>>>

(* Let $S_5\subseteq G^5$ be the stabilizer group generated by $g_1=X\otimes Z\otimes Z\otimes X\otimes I$, $g_2=I\otimes X\otimes Z\otimes Z\otimes X$, $g_3=X\otimes I\otimes X\otimes Z\otimes Z$, $g_4=Z\otimes X\otimes I\otimes X\otimes Z$. Each $\epsilon\in\mathbb{F}_2^4$ is the syndrome of exactly one element of $\{I^{\otimes5}\}\cup\{\text{single-qubit }X,Y,Z\text{ errors}\}$ (16 elements); let $\phi(\epsilon)$ be that element. Then, with this $\phi$, $f_{S_5}(0)=f_{S_5}(1)=1$, $f_{S_5}(2)=\tfrac{7}{16}$, and $f_{S_5}(t)=0$ for $t=3,4,5$.
   Context: $X=\begin{pmatrix}0&1\\1&0\end{pmatrix}$, $Y=\begin{pmatrix}0&1\\-1&0\end{pmatrix}$, $Z=\begin{pmatrix}1&0\\0&-1\end{pmatrix}$. For a stabilizer group $S\subseteq G^n$ (abelian subgroup of the $n$-qubit Pauli group not containing $-I$) with independent generators $g_1,\dots,g_r$, the syndrome of a Pauli operator $g$ is $\epsilon(g)\in\mathbb{F}_2^r$, $\epsilon_i(g)=0$ if $g$ commutes with $g_i$ and $1$ if it anticommutes. For $\{m\}\subseteq\{1,\dots,n\}$, $P^{\{m\}}$ is the set of tensor products that are one of $I,X,Y,Z$ on each qubit of $\{m\}$ and $I$ elsewhere. Given an error correcting function $\phi:\mathbb{F}_2^r\to G^n$, call a syndrome $\epsilon\in\Sigma_{\{m\}}:=\{\epsilon(g):g\in P^{\{m\}}\}$ good for $\{m\}$ if $\phi(\epsilon)g\in\{\lambda s:s\in S,\lambda\in\{\pm1,\pm i\}\}$ for every $g\in P^{\{m\}}$ with $\epsilon(g)=\epsilon$. Define, for $t=0,\dots,n$, $$f_S(t)=\binom{n}{t}^{-1}\sum_{|\{m\}|=t}\frac{|\{\epsilon\in\Sigma_{\{m\}}:\epsilon\text{ good for }\{m\}\}|}{|\Sigma_{\{m\}}|},$$ the sum over all $t$-element subsets $\{m\}$; this is the probability that a random error affecting $t$ randomly located qubits is corrected. *)

From HB Require Import structures.
From mathcomp Require Import all_boot all_order all_algebra.
Set Implicit Arguments. Unset Strict Implicit. Unset Printing Implicit Defensive.
Import GRing.Theory.
Local Open Scope ring_scope.

Inductive letter := PI | PX | PY | PZ.

Definition letter_to (a : letter) : 'I_4 :=
  match a with PI => inord 0 | PX => inord 1 | PY => inord 2 | PZ => inord 3 end.
Definition letter_of (k : 'I_4) : letter :=
  match val k with 0 => PI | 1 => PX | 2 => PY | _ => PZ end.
Lemma letter_toK : cancel letter_to letter_of.
Proof. by case; rewrite /letter_of /= inordK. Qed.
HB.instance Definition _ := Finite.copy letter (can_type letter_toK).

(* The paper's 2x2 matrices (all entries are integers; note Y = [[0,1],[-1,0]]). *)
Definition letter_mx (a : letter) : 'M[int]_2 :=
  \matrix_(i < 2, j < 2)
   match a with
   | PI => if i == j then 1 else 0
   | PX => if i == j then 0 else 1
   | PY => if i == j then 0 else (if val i == 0%N then 1 else -1)
   | PZ => if i == j then (if val i == 0%N then 1 else -1) else 0
   end.

(* Product of letters: a * b = i^k c, returned as (k, c) with k in Z/4.
   Computed from the matrices above: XX=ZZ=I, YY=-I, XY=-Z, YX=Z,
   XZ=-Y, ZX=Y, YZ=-X, ZY=X. *)
Definition lmul (a b : letter) : 'Z_4 * letter :=
  match a, b with
  | PI, c | c, PI => (0, c)
  | PX, PX => (0, PI) | PZ, PZ => (0, PI) | PY, PY => (2%:R, PI)
  | PX, PY => (2%:R, PZ) | PY, PX => (0, PZ)
  | PX, PZ => (2%:R, PY) | PZ, PX => (0, PY)
  | PY, PZ => (2%:R, PX) | PZ, PY => (0, PX)
  end.

Lemma lmul_spec a b :
  letter_mx a *m letter_mx b =
  (if (lmul a b).1 == 0 then 1 else -1) *: letter_mx (lmul a b).2.
Proof.
by case: a; case: b; apply/matrixP => i j; rewrite !mxE !big_ord_recl big_ord0 !mxE;
  case: i => [[|[|//]] Hi]; case: j => [[|[|//]] Hj]; rewrite /= ?mulr1 ?mulr0.
Qed.

(* An element of the n-qubit Pauli group G^n: i^k * (w_0 (x) ... (x) w_{n-1}). *)
Definition pauli n := ('Z_4 * {ffun 'I_n -> letter})%type.

Definition pmul n (g h : pauli n) : pauli n :=
  (g.1 + h.1 + \sum_(j < n) (lmul (g.2 j) (h.2 j)).1,
   [ffun j => (lmul (g.2 j) (h.2 j)).2]).

Definition pone n : pauli n := (0, [ffun=> PI]).
Definition pscale n (k : 'Z_4) (g : pauli n) : pauli n := (k + g.1, g.2).

Definition pcommute n (g h : pauli n) : bool := pmul g h == pmul h g.

(* The subgroup of G^n generated by the generators gens (G^n is finite, so
   the smallest submonoid containing gens is the generated subgroup). *)
Definition mul_closed n (A : {set pauli n}) : bool :=
  (pone n \in A) && [forall g in A, forall h in A, pmul g h \in A].

Definition gen_group n r (gens : 'I_r -> pauli n) : {set pauli n} :=
  \bigcap_(A : {set pauli n} | mul_closed A && [forall i, gens i \in A]) A.

Definition syndrome n r (gens : 'I_r -> pauli n) (g : pauli n) : {ffun 'I_r -> bool} :=
  [ffun i => ~~ pcommute g (gens i)].

Definition Pset n (m : {set 'I_n}) : {set pauli n} :=
  [set g : pauli n | (g.1 == 0) && [forall j, (j \notin m) ==> (g.2 j == PI)]].

Definition Sigma n r (gens : 'I_r -> pauli n) (m : {set 'I_n}) : {set {ffun 'I_r -> bool}} :=
  [set syndrome gens g | g in Pset m].

Definition in_S_up_to_phase n r (gens : 'I_r -> pauli n) (x : pauli n) : bool :=
  [exists k : 'Z_4, exists s in gen_group gens, x == pscale k s].

Definition good n r (gens : 'I_r -> pauli n) (phi : {ffun 'I_r -> bool} -> pauli n)
  (m : {set 'I_n}) (e : {ffun 'I_r -> bool}) : bool :=
  (e \in Sigma gens m) &&
  [forall g in Pset m, (syndrome gens g == e) ==> in_S_up_to_phase gens (pmul (phi e) g)].

Definition fS n r (gens : 'I_r -> pauli n) (phi : {ffun 'I_r -> bool} -> pauli n)
  (t : nat) : rat :=
  (\sum_(m : {set 'I_n} | #|m| == t)
      (#|[set e in Sigma gens m | good gens phi m e]|%:R / #|Sigma gens m|%:R))
  / 'C(n, t)%:R.

Definition word5 (a0 a1 a2 a3 a4 : letter) : {ffun 'I_5 -> letter} :=
  [ffun j : 'I_5 => nth PI [:: a0; a1; a2; a3; a4] j].

Definition gens5 (i : 'I_4) : pauli 5 :=
  (0, match val i with
      | 0 => word5 PX PZ PZ PX PI
      | 1 => word5 PI PX PZ PZ PX
      | 2 => word5 PX PI PX PZ PZ
      | _ => word5 PZ PX PI PX PZ
      end).

Definition single n (j : 'I_n) (a : letter) : pauli n :=
  (0, [ffun k => if k == j then a else PI]).

Definition E5 : {set pauli 5} :=
  pone 5 |: [set single ja.1 ja.2 | ja : 'I_5 * letter & ja.2 != PI].

(* phi(eps) = the element of E5 with syndrome eps (identity if none) *)
Definition phi5 (e : {ffun 'I_4 -> bool}) : pauli 5 :=
  odflt (pone 5) [pick g in E5 | syndrome gens5 g == e].

From mathcomp Require Import all_boot all_order all_algebra.
Set Implicit Arguments. Unset Strict Implicit. Unset Printing Implicit Defensive.
Import GRing.Theory.
Local Open Scope ring_scope.

(* Up to phase, an n-qubit Pauli operator is a word of n bit pairs (the binary
   symplectic representation): multiplication adds words, and two operators
   commute iff their words have even symplectic product, since each
   anticommuting qubit contributes a factor i^2 = -1.  Syndromes, membership in
   S up to phase (the word lies in the F_2-span of the generator words) and the
   goodness of a syndrome therefore depend on words only, and f_S(t) becomes a
   finite computation over words of length 5, which the kernel evaluates.  The
   five-qubit code is perfect: the 16 single-error words have pairwise distinct
   syndromes exhausting F_2^4, which yields both #|E| = 16 and the decoder phi. *)

(** * Letters as bit pairs *)

Definition bits (a : letter) : bool * bool :=
  match a with
  | PI => (false, false) | PX => (true, false) | PY => (true, true) | PZ => (false, true)
  end.

Definition of_bits (p : bool * bool) : letter :=
  match p with
  | (false, false) => PI | (true, false) => PX | (true, true) => PY | (false, true) => PZ
  end.

Lemma bitsK : cancel bits of_bits. Proof. by case. Qed.
Lemma of_bitsK : cancel of_bits bits. Proof. by case=> [[] []]. Qed.

Lemma bits_eq0 a : (bits a == (false, false)) = (a == PI).
Proof. by rewrite -[(false, false)]/(bits PI) (can_eq bitsK). Qed.

Definition symp (p q : bool * bool) : bool := (p.1 && q.2) (+) (p.2 && q.1).

Definition padd (p q : bool * bool) : bool * bool := (p.1 (+) q.1, p.2 (+) q.2).

Lemma bits_lmul a b : bits (lmul a b).2 = padd (bits a) (bits b).
Proof. by case: a; case: b. Qed.

Lemma lmul_letterC a b : (lmul a b).2 = (lmul b a).2.
Proof. by case: a; case: b. Qed.

Lemma lmul_phaseC a b : (lmul a b).1 = (lmul b a).1 + 2%:R *+ symp (bits a) (bits b).
Proof. by case: a; case: b; apply/eqP; vm_compute. Qed.

Lemma Z4_double_eq0 (c : nat) : (2%:R *+ c == 0 :> 'Z_4) = ~~ odd c.
Proof.
rewrite -mulr_natr -natrM -val_eqE /= val_Zp_nat // -dvdn2.
by rewrite -(dvdn_pmul2l (_ : 0 < 2)%N).
Qed.

(** * Words of Pauli operators *)

Local Notation word := (seq (bool * bool)).
Local Notation zero_word n := (nseq n (false, false)).

Definition pword n (w : {ffun 'I_n -> letter}) : word := map bits (codom w).

Definition word_ffun n (s : word) : {ffun 'I_n -> letter} :=
  [ffun i : 'I_n => nth PI (map of_bits s) i].

Definition wadd (s t : word) : word := [seq padd p.1 p.2 | p <- zip s t].

Definition wsymp (s t : word) : nat := count (fun p => symp p.1 p.2) (zip s t).

Lemma codom_ffun_inj (T : finType) (U : eqType) :
  injective (fun f : {ffun T -> U} => codom f).
Proof.
move=> f g; rewrite !codomE => /eq_in_map fg.
by apply/ffunP => x; apply: fg; rewrite mem_enum.
Qed.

<<<

- _Work request_
Of the entries above, repeat exactly the lines from the line with "Definition pscale n" through the line with "Definition gens5 (i", both of them included.

- _Written answer_
Definition pscale n (k : 'Z_4) (g : pauli n) : pauli n := (k + g.1, g.2).

Definition pcommute n (g h : pauli n) : bool := pmul g h == pmul h g.

(* The subgroup of G^n generated by the generators gens (G^n is finite, so
   the smallest submonoid containing gens is the generated subgroup). *)
Definition mul_closed n (A : {set pauli n}) : bool :=
  (pone n \in A) && [forall g in A, forall h in A, pmul g h \in A].

Definition gen_group n r (gens : 'I_r -> pauli n) : {set pauli n} :=
  \bigcap_(A : {set pauli n} | mul_closed A && [forall i, gens i \in A]) A.

Definition syndrome n r (gens : 'I_r -> pauli n) (g : pauli n) : {ffun 'I_r -> bool} :=
  [ffun i => ~~ pcommute g (gens i)].

Definition Pset n (m : {set 'I_n}) : {set pauli n} :=
  [set g : pauli n | (g.1 == 0) && [forall j, (j \notin m) ==> (g.2 j == PI)]].

Definition Sigma n r (gens : 'I_r -> pauli n) (m : {set 'I_n}) : {set {ffun 'I_r -> bool}} :=
  [set syndrome gens g | g in Pset m].

Definition in_S_up_to_phase n r (gens : 'I_r -> pauli n) (x : pauli n) : bool :=
  [exists k : 'Z_4, exists s in gen_group gens, x == pscale k s].

Definition good n r (gens : 'I_r -> pauli n) (phi : {ffun 'I_r -> bool} -> pauli n)
  (m : {set 'I_n}) (e : {ffun 'I_r -> bool}) : bool :=
  (e \in Sigma gens m) &&
  [forall g in Pset m, (syndrome gens g == e) ==> in_S_up_to_phase gens (pmul (phi e) g)].

Definition fS n r (gens : 'I_r -> pauli n) (phi : {ffun 'I_r -> bool} -> pauli n)
  (t : nat) : rat :=
  (\sum_(m : {set 'I_n} | #|m| == t)
      (#|[set e in Sigma gens m | good gens phi m e]|%:R / #|Sigma gens m|%:R))
  / 'C(n, t)%:R.

Definition word5 (a0 a1 a2 a3 a4 : letter) : {ffun 'I_5 -> letter} :=
  [ffun j : 'I_5 => nth PI [:: a0; a1; a2; a3; a4] j].

Definition gens5 (i : 'I_4) : pauli 5 :=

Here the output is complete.